::: Data to process :::

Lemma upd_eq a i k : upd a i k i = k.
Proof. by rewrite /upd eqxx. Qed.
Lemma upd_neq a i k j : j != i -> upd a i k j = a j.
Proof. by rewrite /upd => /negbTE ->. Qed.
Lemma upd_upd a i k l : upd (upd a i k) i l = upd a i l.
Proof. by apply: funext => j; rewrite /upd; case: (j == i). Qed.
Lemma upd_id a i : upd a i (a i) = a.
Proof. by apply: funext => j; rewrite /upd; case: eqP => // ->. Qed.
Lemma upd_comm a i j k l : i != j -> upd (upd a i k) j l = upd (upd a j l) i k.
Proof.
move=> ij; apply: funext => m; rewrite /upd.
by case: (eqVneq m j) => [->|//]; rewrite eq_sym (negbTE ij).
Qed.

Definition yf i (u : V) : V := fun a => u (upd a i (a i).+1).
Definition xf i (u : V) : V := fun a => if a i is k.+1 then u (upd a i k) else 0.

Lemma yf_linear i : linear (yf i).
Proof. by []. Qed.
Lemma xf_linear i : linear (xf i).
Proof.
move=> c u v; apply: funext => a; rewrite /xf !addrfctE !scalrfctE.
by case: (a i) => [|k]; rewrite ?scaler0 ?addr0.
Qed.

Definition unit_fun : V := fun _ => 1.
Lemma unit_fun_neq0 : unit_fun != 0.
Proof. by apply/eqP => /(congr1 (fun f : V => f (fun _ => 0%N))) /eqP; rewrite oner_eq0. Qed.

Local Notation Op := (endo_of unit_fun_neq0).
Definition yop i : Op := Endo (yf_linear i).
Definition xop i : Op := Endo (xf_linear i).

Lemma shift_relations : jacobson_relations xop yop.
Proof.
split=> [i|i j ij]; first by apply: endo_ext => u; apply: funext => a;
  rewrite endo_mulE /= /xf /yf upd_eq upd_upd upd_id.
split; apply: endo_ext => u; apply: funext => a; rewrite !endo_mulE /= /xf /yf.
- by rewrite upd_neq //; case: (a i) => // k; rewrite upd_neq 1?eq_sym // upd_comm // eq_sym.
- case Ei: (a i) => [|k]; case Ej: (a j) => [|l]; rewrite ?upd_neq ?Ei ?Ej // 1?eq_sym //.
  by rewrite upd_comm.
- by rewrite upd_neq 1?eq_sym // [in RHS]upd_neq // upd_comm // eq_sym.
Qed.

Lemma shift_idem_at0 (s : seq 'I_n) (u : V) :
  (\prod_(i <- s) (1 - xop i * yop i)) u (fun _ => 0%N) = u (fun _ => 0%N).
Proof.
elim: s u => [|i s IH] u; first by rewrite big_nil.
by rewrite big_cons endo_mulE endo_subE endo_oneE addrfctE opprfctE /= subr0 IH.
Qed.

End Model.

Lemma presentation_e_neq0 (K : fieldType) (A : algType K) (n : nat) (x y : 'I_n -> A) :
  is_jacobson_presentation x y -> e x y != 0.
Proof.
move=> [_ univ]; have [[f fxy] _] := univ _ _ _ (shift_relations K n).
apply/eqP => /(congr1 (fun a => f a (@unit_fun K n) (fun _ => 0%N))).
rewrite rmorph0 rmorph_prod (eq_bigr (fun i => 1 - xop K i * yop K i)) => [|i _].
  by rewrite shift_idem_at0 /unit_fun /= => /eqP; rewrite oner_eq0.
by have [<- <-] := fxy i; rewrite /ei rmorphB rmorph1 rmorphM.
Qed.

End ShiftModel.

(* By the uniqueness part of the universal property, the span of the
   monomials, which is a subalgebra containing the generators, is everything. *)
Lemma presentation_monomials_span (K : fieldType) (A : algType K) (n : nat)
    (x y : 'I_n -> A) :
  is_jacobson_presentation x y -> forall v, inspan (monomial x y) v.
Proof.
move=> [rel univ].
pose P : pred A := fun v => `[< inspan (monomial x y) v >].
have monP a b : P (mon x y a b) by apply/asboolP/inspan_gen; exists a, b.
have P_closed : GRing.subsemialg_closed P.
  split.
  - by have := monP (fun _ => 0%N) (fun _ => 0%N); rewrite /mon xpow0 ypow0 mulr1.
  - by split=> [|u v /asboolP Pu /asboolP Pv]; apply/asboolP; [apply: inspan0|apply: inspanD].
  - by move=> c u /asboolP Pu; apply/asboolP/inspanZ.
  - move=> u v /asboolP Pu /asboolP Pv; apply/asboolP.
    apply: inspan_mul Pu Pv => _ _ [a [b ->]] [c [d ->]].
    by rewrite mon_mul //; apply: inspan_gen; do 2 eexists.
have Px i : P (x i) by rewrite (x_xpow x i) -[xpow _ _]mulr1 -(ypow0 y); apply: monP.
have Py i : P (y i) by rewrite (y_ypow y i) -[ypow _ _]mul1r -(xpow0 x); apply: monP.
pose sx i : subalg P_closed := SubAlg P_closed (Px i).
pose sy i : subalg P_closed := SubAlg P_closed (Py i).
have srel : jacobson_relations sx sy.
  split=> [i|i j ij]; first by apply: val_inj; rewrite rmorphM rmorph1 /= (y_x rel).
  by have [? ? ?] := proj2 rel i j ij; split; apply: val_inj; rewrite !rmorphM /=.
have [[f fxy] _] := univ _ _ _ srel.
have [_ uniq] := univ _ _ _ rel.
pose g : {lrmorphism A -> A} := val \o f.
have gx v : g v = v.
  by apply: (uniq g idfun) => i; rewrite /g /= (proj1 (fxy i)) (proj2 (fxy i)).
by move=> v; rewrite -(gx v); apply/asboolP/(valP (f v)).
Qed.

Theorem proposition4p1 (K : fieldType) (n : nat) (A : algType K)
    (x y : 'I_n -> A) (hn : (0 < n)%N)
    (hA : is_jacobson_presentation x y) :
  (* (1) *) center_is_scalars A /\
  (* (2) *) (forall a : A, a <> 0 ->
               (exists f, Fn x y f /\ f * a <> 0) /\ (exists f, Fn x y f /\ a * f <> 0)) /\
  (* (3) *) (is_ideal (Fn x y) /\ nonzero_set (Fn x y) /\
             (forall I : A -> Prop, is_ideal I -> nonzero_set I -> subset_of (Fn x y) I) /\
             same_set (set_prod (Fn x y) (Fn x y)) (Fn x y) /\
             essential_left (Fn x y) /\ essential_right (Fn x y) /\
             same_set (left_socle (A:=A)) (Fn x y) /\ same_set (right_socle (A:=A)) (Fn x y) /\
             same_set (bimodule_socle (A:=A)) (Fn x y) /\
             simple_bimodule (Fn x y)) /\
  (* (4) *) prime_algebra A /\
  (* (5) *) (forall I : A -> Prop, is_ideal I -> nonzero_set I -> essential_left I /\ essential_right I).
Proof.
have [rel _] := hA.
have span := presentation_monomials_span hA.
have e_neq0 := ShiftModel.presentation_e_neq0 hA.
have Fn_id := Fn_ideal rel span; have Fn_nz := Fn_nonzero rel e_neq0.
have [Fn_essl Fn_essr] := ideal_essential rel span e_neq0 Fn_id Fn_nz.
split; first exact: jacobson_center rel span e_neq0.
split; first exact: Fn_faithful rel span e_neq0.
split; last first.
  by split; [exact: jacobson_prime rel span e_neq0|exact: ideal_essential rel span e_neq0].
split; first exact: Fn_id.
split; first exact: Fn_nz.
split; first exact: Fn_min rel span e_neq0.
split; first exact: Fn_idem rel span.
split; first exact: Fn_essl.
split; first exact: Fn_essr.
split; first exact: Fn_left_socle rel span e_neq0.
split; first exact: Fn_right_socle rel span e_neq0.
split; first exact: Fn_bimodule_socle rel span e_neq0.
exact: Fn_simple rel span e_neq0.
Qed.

:::

Task goal: Scan the data for the word "monP" and copy every line where it shows up.

Result:
have monP a b : P (mon x y a b) by apply/asboolP/inspan_gen; exists a, b.
  - by have := monP (fun _ => 0%N) (fun _ => 0%N); rewrite /mon xpow0 ypow0 mulr1.
have Px i : P (x i) by rewrite (x_xpow x i) -[xpow _ _]mulr1 -(ypow0 y); apply: monP.
have Py i : P (y i) by rewrite (y_ypow y i) -[ypow _ _]mul1r -(xpow0 x); apply: monP.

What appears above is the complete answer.